▸ **What you should do**: Report, as a single number, how many lines of the records contain the word "mulrA".

Stored data entries

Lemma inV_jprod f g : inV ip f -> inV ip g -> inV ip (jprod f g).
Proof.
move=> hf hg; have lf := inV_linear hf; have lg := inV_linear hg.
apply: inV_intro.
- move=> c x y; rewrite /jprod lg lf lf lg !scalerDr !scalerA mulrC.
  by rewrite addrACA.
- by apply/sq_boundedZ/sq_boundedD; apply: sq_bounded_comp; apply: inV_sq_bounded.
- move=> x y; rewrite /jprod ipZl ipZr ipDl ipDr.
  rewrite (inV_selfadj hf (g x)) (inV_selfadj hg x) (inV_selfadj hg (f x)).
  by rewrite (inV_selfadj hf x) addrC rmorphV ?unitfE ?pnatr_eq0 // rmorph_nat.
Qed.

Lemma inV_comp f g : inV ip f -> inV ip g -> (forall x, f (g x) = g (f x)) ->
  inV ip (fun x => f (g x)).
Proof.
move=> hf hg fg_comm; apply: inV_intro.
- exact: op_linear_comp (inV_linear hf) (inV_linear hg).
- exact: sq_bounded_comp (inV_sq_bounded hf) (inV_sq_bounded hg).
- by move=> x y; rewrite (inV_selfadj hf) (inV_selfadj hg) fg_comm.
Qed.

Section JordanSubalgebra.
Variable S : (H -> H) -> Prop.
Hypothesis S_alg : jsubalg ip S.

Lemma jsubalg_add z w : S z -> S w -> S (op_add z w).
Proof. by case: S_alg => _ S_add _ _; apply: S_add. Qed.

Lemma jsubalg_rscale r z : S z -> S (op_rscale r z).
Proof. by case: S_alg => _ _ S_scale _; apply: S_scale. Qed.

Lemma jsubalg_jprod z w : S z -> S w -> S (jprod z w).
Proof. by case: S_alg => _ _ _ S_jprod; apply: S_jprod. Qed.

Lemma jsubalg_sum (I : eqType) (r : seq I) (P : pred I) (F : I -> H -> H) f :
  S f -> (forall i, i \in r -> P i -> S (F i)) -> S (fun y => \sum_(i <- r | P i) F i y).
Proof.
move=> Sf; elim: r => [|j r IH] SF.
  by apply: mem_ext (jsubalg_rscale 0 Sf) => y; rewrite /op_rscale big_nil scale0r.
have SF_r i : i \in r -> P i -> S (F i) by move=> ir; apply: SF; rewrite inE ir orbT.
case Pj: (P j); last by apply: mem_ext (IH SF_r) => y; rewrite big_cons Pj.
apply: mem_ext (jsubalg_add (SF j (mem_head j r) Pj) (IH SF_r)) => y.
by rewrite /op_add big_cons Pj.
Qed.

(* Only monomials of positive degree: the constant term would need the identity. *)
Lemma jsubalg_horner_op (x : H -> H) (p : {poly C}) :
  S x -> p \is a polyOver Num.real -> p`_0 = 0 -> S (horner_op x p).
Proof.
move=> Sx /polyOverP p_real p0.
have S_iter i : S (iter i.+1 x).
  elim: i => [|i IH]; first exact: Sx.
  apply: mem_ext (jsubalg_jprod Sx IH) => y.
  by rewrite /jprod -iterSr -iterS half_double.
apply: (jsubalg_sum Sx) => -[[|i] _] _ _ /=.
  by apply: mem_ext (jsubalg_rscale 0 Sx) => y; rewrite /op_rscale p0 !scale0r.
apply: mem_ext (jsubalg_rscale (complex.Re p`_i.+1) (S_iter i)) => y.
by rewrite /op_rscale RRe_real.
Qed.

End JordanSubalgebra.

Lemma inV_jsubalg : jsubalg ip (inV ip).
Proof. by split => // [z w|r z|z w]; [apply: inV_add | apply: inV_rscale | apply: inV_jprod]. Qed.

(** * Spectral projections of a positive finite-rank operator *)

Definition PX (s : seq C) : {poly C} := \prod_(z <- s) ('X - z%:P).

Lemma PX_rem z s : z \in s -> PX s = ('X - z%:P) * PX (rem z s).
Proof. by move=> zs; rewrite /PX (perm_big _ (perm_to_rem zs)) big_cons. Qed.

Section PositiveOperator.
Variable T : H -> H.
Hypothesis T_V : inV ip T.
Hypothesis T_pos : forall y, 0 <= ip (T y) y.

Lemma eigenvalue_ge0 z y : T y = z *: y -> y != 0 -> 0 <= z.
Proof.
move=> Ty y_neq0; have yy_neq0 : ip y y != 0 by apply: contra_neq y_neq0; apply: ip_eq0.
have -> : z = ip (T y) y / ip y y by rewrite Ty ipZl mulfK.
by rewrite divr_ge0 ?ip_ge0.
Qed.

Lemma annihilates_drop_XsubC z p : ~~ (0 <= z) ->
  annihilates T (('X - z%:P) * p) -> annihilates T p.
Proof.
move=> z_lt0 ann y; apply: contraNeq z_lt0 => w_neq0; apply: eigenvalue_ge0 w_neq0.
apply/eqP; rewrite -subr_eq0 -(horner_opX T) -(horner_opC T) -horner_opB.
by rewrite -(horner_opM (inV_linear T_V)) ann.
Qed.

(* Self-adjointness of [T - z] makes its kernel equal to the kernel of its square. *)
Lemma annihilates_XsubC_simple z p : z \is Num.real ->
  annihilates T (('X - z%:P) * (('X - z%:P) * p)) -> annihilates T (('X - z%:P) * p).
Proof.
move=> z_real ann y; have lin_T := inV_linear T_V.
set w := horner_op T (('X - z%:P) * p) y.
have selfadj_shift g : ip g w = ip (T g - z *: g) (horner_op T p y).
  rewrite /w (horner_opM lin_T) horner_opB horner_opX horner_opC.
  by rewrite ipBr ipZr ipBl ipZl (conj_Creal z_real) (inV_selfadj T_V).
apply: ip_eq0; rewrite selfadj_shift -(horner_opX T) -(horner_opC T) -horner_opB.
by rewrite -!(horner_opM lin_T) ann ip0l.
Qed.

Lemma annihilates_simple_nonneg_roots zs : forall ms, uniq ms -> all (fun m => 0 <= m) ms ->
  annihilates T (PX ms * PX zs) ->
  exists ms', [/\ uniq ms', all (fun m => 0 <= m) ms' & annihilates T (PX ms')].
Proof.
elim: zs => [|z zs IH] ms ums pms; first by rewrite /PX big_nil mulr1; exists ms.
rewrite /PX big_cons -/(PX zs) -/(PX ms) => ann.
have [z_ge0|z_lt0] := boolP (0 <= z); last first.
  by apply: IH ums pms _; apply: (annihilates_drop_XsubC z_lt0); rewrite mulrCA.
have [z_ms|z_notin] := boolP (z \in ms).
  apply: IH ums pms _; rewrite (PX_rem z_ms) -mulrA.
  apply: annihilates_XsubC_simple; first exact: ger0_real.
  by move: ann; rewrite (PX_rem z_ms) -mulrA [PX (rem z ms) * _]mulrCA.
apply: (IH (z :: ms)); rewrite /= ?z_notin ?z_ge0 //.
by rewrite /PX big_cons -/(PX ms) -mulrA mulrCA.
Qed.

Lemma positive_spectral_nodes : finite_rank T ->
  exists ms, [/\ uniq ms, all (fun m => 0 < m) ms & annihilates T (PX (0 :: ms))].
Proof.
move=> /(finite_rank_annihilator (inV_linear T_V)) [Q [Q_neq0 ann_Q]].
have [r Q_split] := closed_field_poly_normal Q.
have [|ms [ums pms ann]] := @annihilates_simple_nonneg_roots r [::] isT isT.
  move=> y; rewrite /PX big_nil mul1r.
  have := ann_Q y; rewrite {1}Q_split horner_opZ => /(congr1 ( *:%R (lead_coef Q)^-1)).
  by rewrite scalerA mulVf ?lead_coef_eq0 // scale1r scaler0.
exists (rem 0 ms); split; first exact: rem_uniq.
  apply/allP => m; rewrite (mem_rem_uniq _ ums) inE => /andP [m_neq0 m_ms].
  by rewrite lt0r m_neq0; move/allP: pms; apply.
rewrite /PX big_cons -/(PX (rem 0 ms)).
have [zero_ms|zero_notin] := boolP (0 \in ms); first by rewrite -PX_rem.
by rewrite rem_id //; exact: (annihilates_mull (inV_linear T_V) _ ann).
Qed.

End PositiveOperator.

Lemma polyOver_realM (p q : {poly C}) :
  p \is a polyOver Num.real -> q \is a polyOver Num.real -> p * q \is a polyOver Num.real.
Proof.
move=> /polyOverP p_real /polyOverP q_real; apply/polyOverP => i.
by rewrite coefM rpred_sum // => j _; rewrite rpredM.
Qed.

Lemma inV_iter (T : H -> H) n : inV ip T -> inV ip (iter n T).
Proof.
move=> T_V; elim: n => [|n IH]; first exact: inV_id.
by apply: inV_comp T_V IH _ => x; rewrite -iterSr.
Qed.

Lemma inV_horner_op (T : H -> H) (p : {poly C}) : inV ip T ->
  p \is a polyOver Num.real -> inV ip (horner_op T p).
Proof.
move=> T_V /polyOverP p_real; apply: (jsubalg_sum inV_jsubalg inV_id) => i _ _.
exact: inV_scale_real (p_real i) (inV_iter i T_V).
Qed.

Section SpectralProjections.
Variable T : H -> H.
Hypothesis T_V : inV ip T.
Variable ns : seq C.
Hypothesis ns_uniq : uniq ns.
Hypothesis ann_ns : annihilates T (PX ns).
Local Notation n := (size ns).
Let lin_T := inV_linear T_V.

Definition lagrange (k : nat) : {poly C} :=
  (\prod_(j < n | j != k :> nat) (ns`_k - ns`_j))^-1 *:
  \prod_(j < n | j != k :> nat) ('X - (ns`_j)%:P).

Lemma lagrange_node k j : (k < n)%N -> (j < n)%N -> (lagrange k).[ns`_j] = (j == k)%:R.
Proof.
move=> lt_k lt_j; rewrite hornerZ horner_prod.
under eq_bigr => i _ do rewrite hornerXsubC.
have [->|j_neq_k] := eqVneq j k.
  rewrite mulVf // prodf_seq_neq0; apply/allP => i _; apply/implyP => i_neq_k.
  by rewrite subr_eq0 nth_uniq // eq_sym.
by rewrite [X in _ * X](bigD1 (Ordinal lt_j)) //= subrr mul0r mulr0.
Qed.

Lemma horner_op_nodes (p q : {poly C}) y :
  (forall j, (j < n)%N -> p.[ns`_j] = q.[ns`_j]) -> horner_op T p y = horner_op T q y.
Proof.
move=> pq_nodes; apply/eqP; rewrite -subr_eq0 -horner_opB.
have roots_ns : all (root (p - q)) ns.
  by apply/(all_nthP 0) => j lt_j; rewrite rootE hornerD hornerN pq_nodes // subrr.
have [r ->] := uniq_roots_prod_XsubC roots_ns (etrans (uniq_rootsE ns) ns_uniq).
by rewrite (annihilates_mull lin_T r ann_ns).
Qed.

▸ **Answer for this exercise**: 3